“Most of you have never lived in a war zone,” said Prof. Ilan Troen ’63 (NEJS), who spoke at the Gaza teach-in on Sunday. The Schusterman Center for Israel Studies hosted this teach-in with lectures concerning the conflict between Israel and the Gaza Strip and the rising Boycott, Divestment and Sanctions movement.

Troen, who is the Stoll Family chair in Israel Studies, director of the Schusterman Center for Israel Studies expressed how, having lived in Israel, one has to deal with the reality that many houses have to have their own bomb shelters. He said that he noticed how students who have never lived in Israel or other war zones view war with a measure of “abstraction,” as they have only heard about wars in terms of historical events and theories.

During his lecture, Troen pulled up a political cartoon that depicted a member of Hamas in negotiations with Israeli Prime Minister Benjamin Netanyahu, in which United States Secretary of State John Kerry is depicted as asking Netanyahu if he could “at least meet him halfway,” ignoring the demands the Hamas terrorist is holding up that says “Death to all Jews.” Troen said that he felt that this cartoon “suggests the limits” of any negotiating between Hamas and Israel because there is often no clear halfway point in Hamas’ demands.

In the past, Hamas’ demands have included an open border, free passage by sea and the ability to have their own airport, Professor Donna Robinson Divine of Smith College said later on.

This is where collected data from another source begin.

Lemma sq_scaleA r s q : sq_scale r (sq_scale s q) = sq_scale (r * s) q.
Proof.
apply/sqpi_eq; in_U.
by apply: (@eqmod_trans (r *: (s *: val q))); first in_W; rewrite scalerA; apply: eqmod_refl.
Qed.

Lemma sq_scale1 : left_id 1 sq_scale.
Proof. by move=> q; rewrite /sq_scale scale1r sqpi_val. Qed.

Lemma sq_scaleDr : right_distributive sq_scale +%R.
Proof.
move=> r p q; apply/sqpi_eq; in_U.
apply: (@eqmod_trans (r *: (val p + val q))); first by in_W.
by rewrite scalerDr; apply: eqmod_sym; in_W.
Qed.

Lemma sq_scaleDl q : {morph sq_scale^~ q : r s / r + s}.
Proof. by move=> r s; apply/sqpi_eq; in_U; rewrite scalerDl; apply: eqmod_sym; in_W. Qed.

HB.instance Definition _ :=
  GRing.Zmodule_isLmodule.Build R Q sq_scaleA sq_scale1 sq_scaleDr sq_scaleDl.

Lemma sqpi_lin r x y : U x -> U y -> sqpi (r *: x + y) = r *: sqpi x + sqpi y.
Proof.
move=> Ux Uy; apply/sqpi_eq; in_U.
by apply: eqmod_sym; apply: (@eqmod_trans (r *: val (sqpi x) + y)); in_W.
Qed.

Lemma sqpiZ r x : U x -> sqpi (r *: x) = r *: sqpi x.
Proof.
by move=> Ux; have := sqpi_lin r Ux (submod0 U_sub); rewrite !addr0.
Qed.

Lemma sqpi_eq0 x : U x -> sqpi x = 0 <-> W x.
Proof. by move=> Ux; rewrite (sqpi_eq Ux (submod0 U_sub)) subr0. Qed.

Lemma subquot_eq0 (q : Q) : q = 0 <-> W (val q).
Proof. by rewrite -{1}(sqpi_val q); apply/sqpi_eq0/U_val. Qed.

Definition linear_on (T : lmodType R) (f : V -> T) : Prop :=
  forall r x y, U x -> U y -> f (r *: x + y) = r *: f x + f y.

Lemma linear_on_subquot (T : lmodType R) (f : V -> T) :
  linear_on f -> (forall w, W w -> f w = 0) -> linear (fun q : Q => f (val q)).
Proof.
move=> f_lin fW r p q.
have f0 : f 0 = 0 by apply: fW; apply: submod0.
have fsqpi x : U x -> f (val (sqpi x)) = f x.
  move=> Ux; have Wd := val_sqpi_eqmod Ux.
  have := f_lin 1 _ _ (WU Wd) Ux; rewrite !scale1r subrK => ->.
  by rewrite fW // add0r.
have fD x y : U x -> U y -> f (x + y) = f x + f y.
  by move=> Ux Uy; have := f_lin 1 _ _ Ux Uy; rewrite !scale1r.
have fZ s x : U x -> f (s *: x) = s *: f x.
  by move=> Ux; have := f_lin s _ _ Ux (submod0 U_sub); rewrite !addr0 f0 addr0.
rewrite fsqpi; last by in_U.
rewrite fD; [|in_U|in_U].
by rewrite fsqpi ?fZ //; in_U.
Qed.

End Subquotient.

Section SubquotientMap.
Variables (R : comPzRingType) (V : lmodType R) (U1 W1 U2 W2 : V -> Prop).
Variables (UW1 : subquot_spec U1 W1) (UW2 : subquot_spec U2 W2).
Hypotheses (U12 : forall x, U1 x -> U2 x) (W12 : forall x, W1 x -> W2 x).

Definition subquot_map of (forall x, U1 x -> U2 x) & (forall x, W1 x -> W2 x) :=
  fun q : subquot UW1 => sqpi UW2 (val q).

Local Notation qmap := (subquot_map U12 W12).

Lemma subquot_map_linear : linear qmap.
Proof.
apply: (linear_on_subquot (f := sqpi UW2)).
  by move=> r x y /U12 Ux /U12 Uy; apply: sqpi_lin.
have [_ _ WU1] := UW1.
by move=> w Ww; apply/sqpi_eq0; [apply/U12/WU1 | apply: W12].
Qed.

HB.instance Definition _ :=
  GRing.isLinear.Build R (subquot UW1) (subquot UW2) _ qmap subquot_map_linear.

Lemma subquot_map_eq0 q : qmap q = 0 <-> W2 (val q).
Proof. exact: sqpi_eq0 (U12 (U_val q)). Qed.

End SubquotientMap.

Section IdealSpan.
Variable R : comPzRingType.

Fixpoint ideal_span (s : seq R) (x : R) : Prop :=
  if s is g :: s' then exists r y, ideal_span s' y /\ x = r * g + y else x = 0.

Lemma ideal_span_ideal s : is_ideal (ideal_span s).
Proof.
elim: s => [|g s [span0 spanD spanM]] /=.
  by split=> [//|x y -> ->|r x ->]; rewrite ?addr0 ?mulr0.
split.
- by exists 0, 0; rewrite mul0r addr0.
- move=> _ _ [r [u [su ->]]] [r' [u' [su' ->]]].
  by exists (r + r'), (u + u'); rewrite mulrDl addrACA; split; first exact: spanD.
- move=> c _ [r [u [su ->]]].
  by exists (c * r), (c * u); rewrite mulrDr mulrA; split; first exact: spanM.
Qed.

Lemma ideal_span_cons g s x : ideal_span s x -> ideal_span (g :: s) x.
Proof. by move=> sx; exists 0, x; rewrite mul0r add0r. Qed.

Lemma ideal_span_head g s : ideal_span (g :: s) g.
Proof. by exists 1, 0; rewrite mul1r addr0; split; case: (ideal_span_ideal s). Qed.

Lemma ideal_span_annihilates (V : lmodType R) (m : V) s x :
  (forall g, g \in s -> g *: m = 0) -> ideal_span s x -> x *: m = 0.
Proof.
elim: s x => [|g s IH] x /= sm; first by move->; rewrite scale0r.
move=> [r [y [sy ->]]]; rewrite scalerDl -scalerA sm ?mem_head // scaler0 add0r.
by apply: IH sy => h hs; apply: sm; rewrite in_cons hs orbT.
Qed.

Lemma noetherian_ideal_finitely_generated (a : R -> Prop) :
  noetherian_ring R -> is_ideal a ->
  exists2 s, (forall g, g \in s -> a g) & (forall x, a x -> ideal_span s x).
Proof.
move=> noeth [a0 _ _].
have [next next_spec] : {next : seq R -> R & forall s,
    a (next s) /\ (ideal_span s (next s) -> forall x, a x -> ideal_span s x)}.
  apply: (@choice _ _ (fun s x =>
    a x /\ (ideal_span s x -> forall y, a y -> ideal_span s y))) => s.
  have [span_a|] := pselect (forall x, a x -> ideal_span s x).
    by exists 0.
  by move=> /existsNP[x /not_implyP[ax Nsx]]; exists x.
pose xs n := iter n (fun s => next s :: s) [::].
have xs_a n g : g \in xs n -> a g.
  elim: n => //= n IH; rewrite in_cons => /orP[/eqP->|/IH //].
  exact: (next_spec _).1.
have [N stable] := noeth (fun n => ideal_span (xs n)) (fun n => ideal_span_ideal _)
  (fun n x => @ideal_span_cons (next (xs n)) (xs n) x).
exists (xs N); first exact: xs_a.
apply: (next_spec (xs N)).2.
exact: stable (leqnSn N) _ (ideal_span_head _ _).
Qed.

She added that, other than how Hamas has continued to perpetrate violence against Israel, all of the aforementioned demands would be considered legitimate.

Divine then took the podium to discuss the Israeli and Palestinian political landscape, both historically and in the present day. She described how the Palestinians were completely dependent on sympathetic nations like Jordan and Egypt during the 1948 Arab-Israeli War; it was Jordan that ended up capturing the West Bank, while Egypt captured the Gaza Strip.

During the 1950s and 1960s, the Palestinians relied on Arab nations to establish bases, help them cross the border and to allow them to use those countries’ training grounds. The Palestinians predominantly used guerilla warfare during this period, she noted. It was also through the help of their allies, Divine said, that the Palestinian Liberation Organization was founded in 1964 with the purpose of “liberating” Palestine.

Divine also discussed the history of Hamas. Hamas, she said, was founded in the 1980s as a Palestinian offshoot of the Egyptian Muslim Brotherhood. The organization reached the peak of its power in 2012 and 2013 when, with the help of the Muslim Brotherhood, Hamas strengthened its arsenal of rockets and its capacity to produce its own rockets across the borders, she said. However, President Abdel Fattah el-Sisi of Egypt began to cut Hamas off, closing off its supply line, which resulted in a decline of power, according to Divine.

When Professor Emeritus of English at the University of Illinois Cary Nelson, the author of The Case Against Academic Boycotts of Israel, took the podium, the conversation focused on the BDS movement.

The BDS movement is a global campaign that began in 2005, according to its website. The movement has focused on returning “dispossessed” land in the West Bank to Palestinians. The movement also encourages participants to boycott Israeli universities, accusing the institutions of preventing scholars from visiting Palestinian universities as well as assisting in the “occupation and oppression of Palestinians,” according to the official statement of an offshoot of the group called Anthropologists for the Boycott of Israeli Academic Institutions.

The movement, according to Nelson, has been very vague on its key issues. For instance, he pointed out that the movement asks to return Palestinian land to Palestinians; however, Nelson asked which lands are considered Palestinian land. He discussed how the Israelis initially legally purchased land from the Palestinians and asked if this land is considered Palestinian as well.

The movement, has condemned “institutional silence,” or silence on the part of any institution, including universities, when discussing the Israeli and Palestinian conflict, said Nelson.

Nelson asserted that BDS’ methods of protest, including forbidding faculty members to write recommendations for students who plan to study in Israel, as well as the boycott of Israeli universities and academics, would limit communication and “promote hostility, not peace.”

Other speakers at the teach-in included Prof. Leonard Saxe, director of the Cohen Center for Modern Jewish Studies and the Steinhardt Social Research Institute, who spoke in a breakout session titled “Millennial Attitudes Towards Israel.” Brandeis Jewish Chaplain Rabbi Elyse Winick ’86 held a separate session titled “Mapping the Israeli Organizations on Campus.” Finally, Joe Hyams, an MA/MBA student at the Hornstein Jewish Professional Leadership Program and Heller School of Social Policy and Management, discussed the media’s reporting of the conflict between Israel and Palestine and how this has affected views of the conflict.